Hysterosalpingogram (HSG) is an imaging modality used in assessing the patency of fallopian tubes in women with primary and secondary infertility. Tubal pathologies may be responsible for primary and secondary infertility. Based on several research studies, women with secondary infertility had a higher likelihood of having fallopian tube obstruction on HSG than those with primary infertility (1, 2). In a study by Lash et al. they supported continued routine evaluation for tubal patency in patients with secondary infertility (1). Among the risk factors for infertility, prior pelvic surgeries were significantly higher in a case controlled study by Romero Ramas et al. (3). Prevalence of past Chlamydia infection was strongly significant in women with secondary infertility (4). For tubal tissue damage to occur, prolonged exposure to Chlamydia is considered a major predisposing factor which results in either chronic persistent infection or frequent reinfections (5, 6). The Chlamydia prevalence and test rates reported in European countries vary and depend highly on the population tested or screened, and on the national reporting system of Chlamydia positive cases (7). In a study by Aswad et al., the prevalence of Chlamydia infection among women in a Middle Eeastern communities was 2.6%.
In otherwise low risk women, patency in one tube is considered normal as this finding is usually caused by the dye following the path of least resistance (8). Our objective was to study the prevalence of tubal obstruction in women with primary and secondary infertility, associated factors and also the prevalence of Chlamydia antigen positivity in these women. Chlamydial screening is available only in our hospital in the Sultanate of Oman. There is not much literature either on the prevalence of Chlamydial infection or tubal obstruction from Oman and hence we decided to do this study.
The study was approved by local research and ethics committee. A retrospective study of the prevalence of tubal block in women who underwent HSG from June 2008 to June 2010 was undertaken in Sultan Qaboos University hospital, Sultanate of Oman. All women who presented to the subfertiltiy clinic for primary or secondary infertility were included except those who declined to be evaluated by Hysterosalpingogram. There was one patient who gave history of her previous tubal ligation reversal. The information regarding the type of infertility, past obstetric history, gynecological history, any pelvic surgeries including myomectomy, ovarian cystectomy, surgery for endomeriosis, Salpingostomy/Salpingectomy, appendicectomy was taken from electronic medical records. Testing for Chlamydia antigen was performed in the endocervical swabs with the IDEIATM PCE Chlamydia assay (Oxoid, Cambridgeshire, UK).
The significance of the associated factors in the two groups was tested by Chi-squared test. When the numbers were small, Yates correction was done to compare the groups e.g. bilateral block.
Of the total number of women, 53% had primary infertility and the rest had secondary infertility.

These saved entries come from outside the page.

(* Let $w=(w_{ij})$ be an $m\times n$ matrix of positive integers and $\varepsilon_1,\dots,\varepsilon_m\in\{1,-1\}$, and suppose $L_W(z)=\sum_{i=1}^m\varepsilon_i\prod_{j=1}^n\frac{z^{w_{ij}}+1}{z^{w_{ij}}-1}$ is constant in $z$. If $L_W(z)\neq 0$, then $n$ is even.
   Context: $W=\{w,s\}$ with $s=\{\varepsilon_1,\dots,\varepsilon_m\}$; $W$ is called $L$-rigid if $L_W(z)$ does not depend on $z$. *)

From HB Require Import structures.
From mathcomp Require Import all_boot all_order all_algebra all_field.
Set Implicit Arguments. Unset Strict Implicit. Unset Printing Implicit Defensive.
Import Order.TTheory GRing.Theory Num.Theory.
Local Open Scope ring_scope.

Definition LW (m n : nat) (w : 'M[nat]_(m, n)) (eps : 'I_m -> algC) (z : algC) : algC :=
  \sum_(i < m) eps i * \prod_(j < n) ((z ^+ w i j + 1) / (z ^+ w i j - 1)).

From HB Require Import structures.
From mathcomp Require Import all_boot all_order all_algebra all_field.
From mathcomp Require Import ring.
Import Order.TTheory GRing.Theory Num.Theory.
Local Open Scope ring_scope.

(* Each factor (z^k + 1)/(z^k - 1) changes sign under z |-> 1/z, so
   L_W(1/z) = (-1)^n L_W(z).  Evaluating the constant c at z = 2 and z = 1/2
   gives c = (-1)^n c, which forces n to be even when c != 0. *)

Lemma cayley_termV (F : fieldType) (a : F) : a != 0 -> a != 1 ->
  (a^-1 + 1) / (a^-1 - 1) = - ((a + 1) / (a - 1)).
Proof.
move=> a0 a1.
have a1B : a - 1 != 0 by rewrite subr_eq0.
have aB1 : 1 - a != 0 by rewrite subr_eq0 eq_sym.
have -> : a^-1 + 1 = (1 + a) / a by field.
have -> : a^-1 - 1 = (1 - a) / a by field.
by field; rewrite aB1 a1B a0.
Qed.

Lemma LWV (m n : nat) (w : 'M[nat]_(m, n)) (eps : 'I_m -> algC) (z : algC) :
  z != 0 -> (forall i j, z ^+ w i j != 1) ->
  LW w eps z^-1 = (-1) ^+ n * LW w eps z.
Proof.
move=> z0 zw1; rewrite /LW mulr_sumr; apply: eq_bigr => i _.
rewrite mulrCA -[n in (-1) ^+ n]card_ord -prodrN; congr (_ * _).
apply: eq_bigr => j _; rewrite exprVn.
by apply: cayley_termV; [exact: expf_neq0 | exact: zw1].
Qed.

Lemma expr_neq1 (R : numDomainType) (x : R) (k : nat) :
  1 < x -> (0 < k)%N -> x ^+ k != 1.
Proof. by move=> x_gt1 k_gt0; rewrite gt_eqF // exprn_egt1 // -lt0n. Qed.

Lemma sign_fixed_even (R : numDomainType) (n : nat) (x : R) :
  x != 0 -> x = (-1) ^+ n * x -> ~~ odd n.
Proof.
move=> x0; rewrite -signr_odd; case: (odd n) => //=.
rewrite expr1 mulN1r => /eqP; rewrite -addr_eq0 -mulr2n.
by rewrite mulrn_eq0 (negPf x0).
Qed.

Theorem mainTheorem3 (m n : nat) (w : 'M[nat]_(m, n)) (eps : 'I_m -> algC)
  (hw : forall i j, (0 < w i j)%N)
  (heps : forall i, eps i = 1 \/ eps i = -1)
  (c : algC)
  (hconst : forall z : algC, (forall i j, z ^+ w i j != 1) -> LW w eps z = c)
  (hc : c != 0) :
  ~~ odd n.
Proof.
have two_gt1 : (1 : algC) < 2 by rewrite ltr1n.
have pow2_neq1 i j : (2 : algC) ^+ w i j != 1 by exact: expr_neq1.
have L2 : LW w eps 2 = c := hconst 2 pow2_neq1.
have L2V : LW w eps 2^-1 = c.
  by apply: hconst => i j; rewrite exprVn invr_eq1.
have two_neq0 : (2 : algC) != 0 by rewrite pnatr_eq0.
apply: (sign_fixed_even _ _ _ hc).
by rewrite -{1}L2V (LWV _ _ _ _ _ two_neq0 pow2_neq1) L2.
Qed.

The patient characteristics for each group are given in table 1. The findings of Hysterosalpingogram in the primary and secondary groups are given in table 2. The prevalence of fallopian tubal obstruction was 19.1% in the primary infertility group and 28.7% in the secondary infertility group. Cornual block was observed in 11 women in the primary infertility group but only one woman with secondary infertility. Hydrosalpinx of the whole tube was observed in two women and peritubal adhesions were reported in four women. The prevalence of Chlamydia antigen positivity was similar in both primary and secondary infertility groups. In those women who tested positive for Chlamydia antigen, the HSG showed bilaterally patent tubes in 8 of 11 cases (73%) and unilateral block in the remaining three (27%).
The overall prevalence of Chlamydia antigen positive cases were less than those reported in some of the European literature (7), but it was more than the one reported by Aswad et al, from the Middle East (9). This could be so because the sample studied were from a tertiary care and not a primary care. The prevalence of tubal block in the primary and secondary infertility groups is similar to that reported by Bello (2). Bilateral tubal obstruction was confirmed by laparoscopy in 4 of 6 cases and laparoscopy was not performed in the other two cases. One of the cases with bilateral tubal obstruction had an obvious bilateral hydrosalpinx on HSG and hence laparoscopy was not performed. Previous pelvic surgeries including surgery for ectopic pregnancies, myomectomy, cesarean section, appendectomy, cystectomy etc., were significantly higher in women with the secondary infertility compared to those in the primary group. Of the nine patients with cesarean section, eight had a normal HSG and only one had unilateral obstruction. In a systematic review by Luttjeboer et al., regarding the risk factors for tuboperitoneal pathology, previous pelvic surgery was found to be an important risk factor (10).
Tubal obstruction is a cause of female infertility according to this study. Bilateral tubal obstruction was similar in primary and secondary infertility groups and previous pelvic surgery may be the cause of tubal obstruction in the secondary infertility group.
Conflict of Interest
The authors declare that they have no conflict of interest.